- Opening Delimiter -

Lemma pmcomp3_of_rk_tp_le sigma tau : inOR sigma -> inOR tau ->
  rk_tp_le tau sigma ->
  exists rho1 rho2,
    [/\ inOR rho1, inOR rho2 & tau = pmcomp (pmcomp rho1 sigma) rho2].
Proof.
move=> OR_s OR_t le_ts.
suff [rho2 OR2 sub_t] :
    exists2 rho2, inOR rho2 & dom tau \subset dom (pmcomp sigma rho2).
  have /(principal_left_idealP tau)[|rho1 OR1 ->] := conj OR_t sub_t.
    exact: inOR_comp.
  by exists rho1, rho2; rewrite pmcompA.
have le_rk := rk_tp_le_rk le_ts.
have /inOR_cases[inj_s [/andP[Ws _] | [le_s iso_s _ _]]] := OR_s.
  by exists tau => //; rewrite dom_pmcomp // dom_W // subsetT.
have /inOR_cases[_ [/andP[Wt _] | [_ iso_t _ _]]] := OR_t.
  by move: le_rk; rewrite rk_W //; lia.
have [dom_e inj_e sub_e] := embedP le_rk.
exists (embed (dom tau) (dom sigma)); last by rewrite dom_pmcomp // dom_e.
have rk_e : rk (embed (dom tau) (dom sigma)) = rk tau by rewrite /rk dom_e.
apply/inOR_cases; split=> //; right; split; rewrite ?rk_e ?dom_e //.
- exact: leq_trans le_rk le_s.
- exact: isotropicS sub_e iso_s.
move=> rk_t.
have rk_s : rk sigma = m by lia.
have img_e : img (embed (dom tau) (dom sigma)) = dom sigma.
  by apply/eqP; rewrite eqEcard sub_e card_img // rk_e rk_t -/(rk sigma) rk_s leqnn.
have /eqP tp_ts : tp tau == tp sigma.
  by move: le_ts; rewrite /rk_tp_le rk_s eqxx rk_t ltnn eqxx.
by rewrite img_e; apply: tp_ts.
Qed.

End RookMonoid.

Theorem proposition3p1 (m : nat) (hm : 1 <= m) (sigma : pmapo m) :
  inOR sigma ->
  (* (i) sigma S = { tau in S : J(tau) subset J(sigma) } *)
  (forall tau : pmapo m,
     (exists2 rho, inOR rho & tau = pmcomp sigma rho) <->
     (inOR tau /\ img tau \subset img sigma)) /\
  (* (ii) S sigma = { tau in S : I(tau) subset I(sigma) } *)
  (forall tau : pmapo m,
     (exists2 rho, inOR rho & tau = pmcomp rho sigma) <->
     (inOR tau /\ dom tau \subset dom sigma)) /\
  (* (iii) *)
  (forall tau : pmapo m,
     (exists rho1 rho2, [/\ inOR rho1, inOR rho2 &
                           tau = pmcomp (pmcomp rho1 sigma) rho2]) <->
     (inOR tau /\
      (if rk sigma != m then rk tau <= rk sigma
       else (rk tau < m) || ((rk tau == m) && (tp tau == tp sigma))))).
Proof.
move=> OR_s; split; first by move=> tau; apply: principal_right_idealP.
split; first by move=> tau; apply: principal_left_idealP.
move=> tau; split=> [[rho1 [rho2 [OR1 OR2 ->]]] | [OR_t le_ts]].
  by split; [do 2?apply: inOR_comp | apply: rk_tp_le_pmcomp3].
exact: pmcomp3_of_rk_tp_le.
Qed.
Lemma span_reps_notin w u : w \in <<R>>%VS -> u \notin froot_reps -> w u = 0.
Proof.
move=> /(coord_span (X := in_tuple R)) -> u_out; rewrite sum_ffunE big1 // => i _.
have /mapP [r r_rep ->] : (in_tuple R)`_i \in R by apply: mem_nth.
rewrite !ffunE; case: eqP => [ur | _]; last by rewrite scaler0.
by rewrite mem_enum -ur in r_rep; rewrite r_rep in u_out.
Qed.

Lemma cap_span_diffs_reps : (<<D>> :&: <<R>> = 0)%VS.
Proof.
apply/eqP; rewrite -subv0; apply/subvP => w /[!memv_cap] /andP [wD wR].
rewrite memv0; apply/eqP/ffunP => u; rewrite ffunE.
have [u_rep | ] := boolP (u \in froot_reps); last exact: span_reps_notin.
have /andP [_ /eqP uu] : P u && froots f u by rewrite inE in u_rep.
have := class_sum_diffs u wD; rewrite /class_sum (bigD1 u) ?uu //= big1 ?addr0 //.
move=> s /andP [/eqP su s_ne_u].
apply: span_reps_notin wR _; rewrite inE; apply: contra s_ne_u => /andP [_ /eqP ss].
by rewrite -su ss.
Qed.

Lemma free_reps : free R.
Proof.
apply/freeP => k sum0 i; set x0 := enum_val i; set e := enum froot_reps.
have lt_e (j : 'I_#|froot_reps|) : (j < size e)%N by rewrite -cardE.
have := congr1 (fun w : {ffun T -> K^o} => w (nth x0 e i)) sum0.
rewrite sum_ffunE ffunE (bigD1 i) //= big1 ?addr0 => [|j ji].
  by rewrite ffunE (nth_map x0) // ffunE eqxx -[_ *: _]/(k i * 1) mulr1.
rewrite ffunE (nth_map x0) // ffunE nth_uniq ?enum_uniq //.
by rewrite val_eqE eq_sym (negbTE ji) scaler0.
Qed.

Lemma dim_span_unitv :
  \dim <<[seq unitv s | s <- enum T & P s]>> = (\dim <<D>> + #|froot_reps|)%N.
Proof.
rewrite span_unitv_decomp dimv_disjoint_sum ?cap_span_diffs_reps //.
by rewrite (eqnP free_reps) size_map cardE.
Qed.

End OrbitQuotient.

Lemma dimH_card_reps n : dimH n.+1 = #|froot_reps (@rotJ n) (@mcycle n.+1)|.
Proof.
have dimE : \dim (cycle_span n.+1) =
    (\dim <<rot_diffs n>> + #|froot_reps (@rotJ n) (@mcycle n.+1)|)%N.
  exact: (dim_span_unitv algC (@rotJ_inj n) (@mcycle_rotJ n)).
by rewrite /= vass_spanE dimE addKn.
Qed.

Section RotationCommutant.
Variable n : nat.
Local Notation m := n.+1.
Local Notation rho := (ordS_perm n).

Definition rot_commuting : {set 'S_m} :=
  [set s | [exists k : 'I_(m./2), s \in 'C[rho ^+ k.+1]]].

Lemma order_rotJ_lt s : fingraph.order (@rotJ n) s < m -> s \in rot_commuting.
Proof.
set k := fingraph.order _ s => k_lt_m; have k_gt0 : 0 < k := fingraph.order_gt0 _ _.
have Cs_k : rho ^+ k \in 'C[s].
  rewrite -groupV cent1C; apply/cent1P/commgP/conjg_fixP.
  by rewrite -expVgn -iter_rotJ iter_order //; exact: rotJ_inj.
have Cs_mk : rho ^+ (m - k) \in 'C[s].
  suff -> : rho ^+ (m - k) = (rho ^+ k)^-1 by rewrite groupV.
  by apply/eqP; rewrite eq_sym eq_invg_mul -expgD subnKC ?ordS_permXm // ltnW.
have mE := odd_double_half m; rewrite inE; apply/existsP.
have [le_k | lt_k] := leqP k m./2.
  have lt_k1 : k.-1 < m./2 by rewrite prednK.
  by exists (Ordinal lt_k1); rewrite /= prednK // cent1C.
have lt_mk1 : (m - k).-1 < m./2 by rewrite prednK ?subn_gt0 //; case: (odd m) mE => /=; lia.
by exists (Ordinal lt_mk1); rewrite /= prednK ?subn_gt0 // cent1C.
Qed.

- Closing Delimiter -

Look above for the line that contains "have Cs_mk : rho ^+ (m - k) \in 'C[s].". That line and every line after it through the end of the data must be written out exactly, with nothing else.

**Response to this task:**
have Cs_mk : rho ^+ (m - k) \in 'C[s].
  suff -> : rho ^+ (m - k) = (rho ^+ k)^-1 by rewrite groupV.
  by apply/eqP; rewrite eq_sym eq_invg_mul -expgD subnKC ?ordS_permXm // ltnW.
have mE := odd_double_half m; rewrite inE; apply/existsP.
have [le_k | lt_k] := leqP k m./2.
  have lt_k1 : k.-1 < m./2 by rewrite prednK.
  by exists (Ordinal lt_k1); rewrite /= prednK // cent1C.
have lt_mk1 : (m - k).-1 < m./2 by rewrite prednK ?subn_gt0 //; case: (odd m) mE => /=; lia.
by exists (Ordinal lt_mk1); rewrite /= prednK ?subn_gt0 // cent1C.
Qed.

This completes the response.